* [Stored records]
######
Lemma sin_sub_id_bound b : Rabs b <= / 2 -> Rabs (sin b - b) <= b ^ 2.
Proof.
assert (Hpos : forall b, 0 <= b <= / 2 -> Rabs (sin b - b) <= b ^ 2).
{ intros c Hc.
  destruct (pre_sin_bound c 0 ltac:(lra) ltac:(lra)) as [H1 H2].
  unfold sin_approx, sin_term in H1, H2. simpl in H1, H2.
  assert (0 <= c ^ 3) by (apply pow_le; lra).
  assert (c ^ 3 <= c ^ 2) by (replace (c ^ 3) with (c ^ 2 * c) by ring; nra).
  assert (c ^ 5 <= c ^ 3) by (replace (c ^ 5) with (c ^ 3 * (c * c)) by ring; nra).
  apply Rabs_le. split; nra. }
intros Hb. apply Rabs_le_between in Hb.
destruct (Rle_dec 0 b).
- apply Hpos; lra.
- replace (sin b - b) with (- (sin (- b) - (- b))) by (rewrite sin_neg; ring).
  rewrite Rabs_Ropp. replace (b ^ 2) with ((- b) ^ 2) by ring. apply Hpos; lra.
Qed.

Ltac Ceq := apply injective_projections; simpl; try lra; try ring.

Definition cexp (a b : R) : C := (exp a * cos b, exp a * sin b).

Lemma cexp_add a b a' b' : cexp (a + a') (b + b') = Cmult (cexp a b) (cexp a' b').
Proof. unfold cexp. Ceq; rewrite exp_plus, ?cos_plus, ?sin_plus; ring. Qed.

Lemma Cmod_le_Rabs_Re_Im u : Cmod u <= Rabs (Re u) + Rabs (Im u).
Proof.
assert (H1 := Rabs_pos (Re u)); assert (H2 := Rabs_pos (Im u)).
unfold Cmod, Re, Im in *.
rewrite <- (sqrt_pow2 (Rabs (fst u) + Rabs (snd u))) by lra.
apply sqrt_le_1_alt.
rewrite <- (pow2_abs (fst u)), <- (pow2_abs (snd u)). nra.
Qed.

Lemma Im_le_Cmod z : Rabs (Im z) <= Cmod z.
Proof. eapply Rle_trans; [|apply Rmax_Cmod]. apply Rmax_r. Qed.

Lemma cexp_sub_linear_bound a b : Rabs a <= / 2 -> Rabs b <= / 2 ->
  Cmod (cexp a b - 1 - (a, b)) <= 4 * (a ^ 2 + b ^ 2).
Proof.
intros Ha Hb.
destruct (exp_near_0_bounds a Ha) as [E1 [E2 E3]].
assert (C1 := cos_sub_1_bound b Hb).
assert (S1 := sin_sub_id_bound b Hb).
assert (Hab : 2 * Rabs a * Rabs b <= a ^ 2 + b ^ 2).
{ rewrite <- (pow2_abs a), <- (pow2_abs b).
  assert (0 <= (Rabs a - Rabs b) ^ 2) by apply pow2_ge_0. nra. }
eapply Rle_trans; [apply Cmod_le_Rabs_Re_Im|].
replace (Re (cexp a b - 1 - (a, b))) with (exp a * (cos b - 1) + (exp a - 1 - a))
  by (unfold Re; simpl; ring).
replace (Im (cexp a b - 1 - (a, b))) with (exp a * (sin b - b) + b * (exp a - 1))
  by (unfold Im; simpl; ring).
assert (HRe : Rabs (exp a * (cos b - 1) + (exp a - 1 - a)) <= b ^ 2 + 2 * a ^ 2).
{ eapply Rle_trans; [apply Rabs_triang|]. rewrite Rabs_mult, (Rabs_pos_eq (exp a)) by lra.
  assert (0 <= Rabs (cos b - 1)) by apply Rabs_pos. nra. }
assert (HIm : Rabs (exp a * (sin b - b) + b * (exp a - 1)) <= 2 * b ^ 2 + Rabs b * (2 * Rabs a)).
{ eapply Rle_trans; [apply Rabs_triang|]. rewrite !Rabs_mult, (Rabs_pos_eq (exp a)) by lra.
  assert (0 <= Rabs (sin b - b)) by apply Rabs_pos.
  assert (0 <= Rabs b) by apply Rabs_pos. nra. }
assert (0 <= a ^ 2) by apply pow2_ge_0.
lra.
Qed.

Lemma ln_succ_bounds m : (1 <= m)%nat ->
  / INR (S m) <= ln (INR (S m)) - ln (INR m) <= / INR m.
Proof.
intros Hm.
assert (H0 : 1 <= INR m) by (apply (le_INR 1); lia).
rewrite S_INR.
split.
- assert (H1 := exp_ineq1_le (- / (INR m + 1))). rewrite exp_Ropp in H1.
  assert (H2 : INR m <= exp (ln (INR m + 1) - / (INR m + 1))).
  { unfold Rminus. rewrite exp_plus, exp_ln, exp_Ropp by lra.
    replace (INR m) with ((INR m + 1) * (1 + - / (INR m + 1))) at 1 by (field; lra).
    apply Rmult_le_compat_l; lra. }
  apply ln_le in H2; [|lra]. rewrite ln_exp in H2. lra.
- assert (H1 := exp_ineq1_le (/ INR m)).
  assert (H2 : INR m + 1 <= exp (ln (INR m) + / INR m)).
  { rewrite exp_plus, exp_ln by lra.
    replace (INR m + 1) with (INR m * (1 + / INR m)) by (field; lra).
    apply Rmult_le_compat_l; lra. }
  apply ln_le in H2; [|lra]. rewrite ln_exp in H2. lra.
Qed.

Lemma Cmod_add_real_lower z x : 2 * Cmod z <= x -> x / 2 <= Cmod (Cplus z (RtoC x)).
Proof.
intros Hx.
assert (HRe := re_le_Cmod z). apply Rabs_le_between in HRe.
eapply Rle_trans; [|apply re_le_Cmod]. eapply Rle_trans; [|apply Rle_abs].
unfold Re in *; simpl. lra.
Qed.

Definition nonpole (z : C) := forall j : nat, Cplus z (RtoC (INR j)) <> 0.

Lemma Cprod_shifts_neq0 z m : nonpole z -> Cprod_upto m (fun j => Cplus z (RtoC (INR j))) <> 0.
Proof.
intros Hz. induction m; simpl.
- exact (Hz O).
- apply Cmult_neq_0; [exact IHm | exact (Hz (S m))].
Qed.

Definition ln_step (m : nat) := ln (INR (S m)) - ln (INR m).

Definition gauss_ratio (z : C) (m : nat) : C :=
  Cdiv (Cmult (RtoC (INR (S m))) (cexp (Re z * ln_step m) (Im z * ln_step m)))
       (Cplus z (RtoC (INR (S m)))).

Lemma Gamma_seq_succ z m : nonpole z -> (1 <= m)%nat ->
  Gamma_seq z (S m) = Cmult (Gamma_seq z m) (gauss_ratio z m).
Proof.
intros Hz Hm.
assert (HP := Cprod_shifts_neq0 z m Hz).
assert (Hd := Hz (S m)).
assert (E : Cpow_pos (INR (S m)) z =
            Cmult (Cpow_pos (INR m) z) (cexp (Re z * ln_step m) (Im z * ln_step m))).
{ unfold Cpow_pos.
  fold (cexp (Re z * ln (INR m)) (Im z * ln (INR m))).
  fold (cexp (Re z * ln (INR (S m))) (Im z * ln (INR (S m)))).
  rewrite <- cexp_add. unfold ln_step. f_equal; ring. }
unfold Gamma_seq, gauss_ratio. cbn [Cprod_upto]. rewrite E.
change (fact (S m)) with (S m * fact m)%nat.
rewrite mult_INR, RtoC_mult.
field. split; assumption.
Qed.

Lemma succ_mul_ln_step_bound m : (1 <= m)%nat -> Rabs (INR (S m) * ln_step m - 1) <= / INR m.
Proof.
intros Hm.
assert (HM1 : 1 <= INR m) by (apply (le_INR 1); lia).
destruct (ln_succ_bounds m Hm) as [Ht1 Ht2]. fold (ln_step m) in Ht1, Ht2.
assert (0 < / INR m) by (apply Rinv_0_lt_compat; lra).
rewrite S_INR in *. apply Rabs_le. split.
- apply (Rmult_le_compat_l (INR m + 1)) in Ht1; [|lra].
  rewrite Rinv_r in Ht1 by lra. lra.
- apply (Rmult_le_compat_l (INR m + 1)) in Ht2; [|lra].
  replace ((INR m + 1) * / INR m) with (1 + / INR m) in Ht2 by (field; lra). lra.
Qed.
######
Report how many lines in the data contain the word "Definition", with no words besides the number.

4